*Provided material:*
=-=-=-=-=

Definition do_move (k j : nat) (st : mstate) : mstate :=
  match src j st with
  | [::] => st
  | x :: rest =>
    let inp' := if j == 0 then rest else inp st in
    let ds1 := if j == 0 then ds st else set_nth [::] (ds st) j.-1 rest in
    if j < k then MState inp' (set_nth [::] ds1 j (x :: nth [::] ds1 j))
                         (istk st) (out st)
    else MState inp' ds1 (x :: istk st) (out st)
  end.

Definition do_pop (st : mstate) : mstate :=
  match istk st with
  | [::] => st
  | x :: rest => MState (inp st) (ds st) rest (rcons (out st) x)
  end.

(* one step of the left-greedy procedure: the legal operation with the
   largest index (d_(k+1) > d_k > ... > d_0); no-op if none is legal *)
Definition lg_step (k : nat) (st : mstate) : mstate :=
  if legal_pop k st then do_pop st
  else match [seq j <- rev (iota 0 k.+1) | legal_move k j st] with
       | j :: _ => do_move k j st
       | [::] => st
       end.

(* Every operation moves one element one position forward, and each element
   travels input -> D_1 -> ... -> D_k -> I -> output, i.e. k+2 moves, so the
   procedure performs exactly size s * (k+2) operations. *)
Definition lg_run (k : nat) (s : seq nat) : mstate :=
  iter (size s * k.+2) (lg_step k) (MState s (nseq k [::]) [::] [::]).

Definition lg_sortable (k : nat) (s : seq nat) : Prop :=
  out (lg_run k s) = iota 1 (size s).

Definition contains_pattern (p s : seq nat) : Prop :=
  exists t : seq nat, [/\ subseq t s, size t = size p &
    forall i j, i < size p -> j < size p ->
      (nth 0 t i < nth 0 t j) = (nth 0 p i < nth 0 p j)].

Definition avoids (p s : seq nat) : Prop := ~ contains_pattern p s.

=-=-=-=-=

*The task:* The task requires an exact copy of all the lines above.

*Completed exercise:*
Definition do_move (k j : nat) (st : mstate) : mstate :=
  match src j st with
  | [::] => st
  | x :: rest =>
    let inp' := if j == 0 then rest else inp st in
    let ds1 := if j == 0 then ds st else set_nth [::] (ds st) j.-1 rest in
    if j < k then MState inp' (set_nth [::] ds1 j (x :: nth [::] ds1 j))
                         (istk st) (out st)
    else MState inp' ds1 (x :: istk st) (out st)
  end.

Definition do_pop (st : mstate) : mstate :=
  match istk st with
  | [::] => st
  | x :: rest => MState (inp st) (ds st) rest (rcons (out st) x)
  end.

(* one step of the left-greedy procedure: the legal operation with the
   largest index (d_(k+1) > d_k > ... > d_0); no-op if none is legal *)
Definition lg_step (k : nat) (st : mstate) : mstate :=
  if legal_pop k st then do_pop st
  else match [seq j <- rev (iota 0 k.+1) | legal_move k j st] with
       | j :: _ => do_move k j st
       | [::] => st
       end.

(* Every operation moves one element one position forward, and each element
   travels input -> D_1 -> ... -> D_k -> I -> output, i.e. k+2 moves, so the
   procedure performs exactly size s * (k+2) operations. *)
Definition lg_run (k : nat) (s : seq nat) : mstate :=
  iter (size s * k.+2) (lg_step k) (MState s (nseq k [::]) [::] [::]).

Definition lg_sortable (k : nat) (s : seq nat) : Prop :=
  out (lg_run k s) = iota 1 (size s).

Definition contains_pattern (p s : seq nat) : Prop :=
  exists t : seq nat, [/\ subseq t s, size t = size p &
    forall i j, i < size p -> j < size p ->
      (nth 0 t i < nth 0 t j) = (nth 0 p i < nth 0 p j)].

Definition avoids (p s : seq nat) : Prop := ~ contains_pattern p s.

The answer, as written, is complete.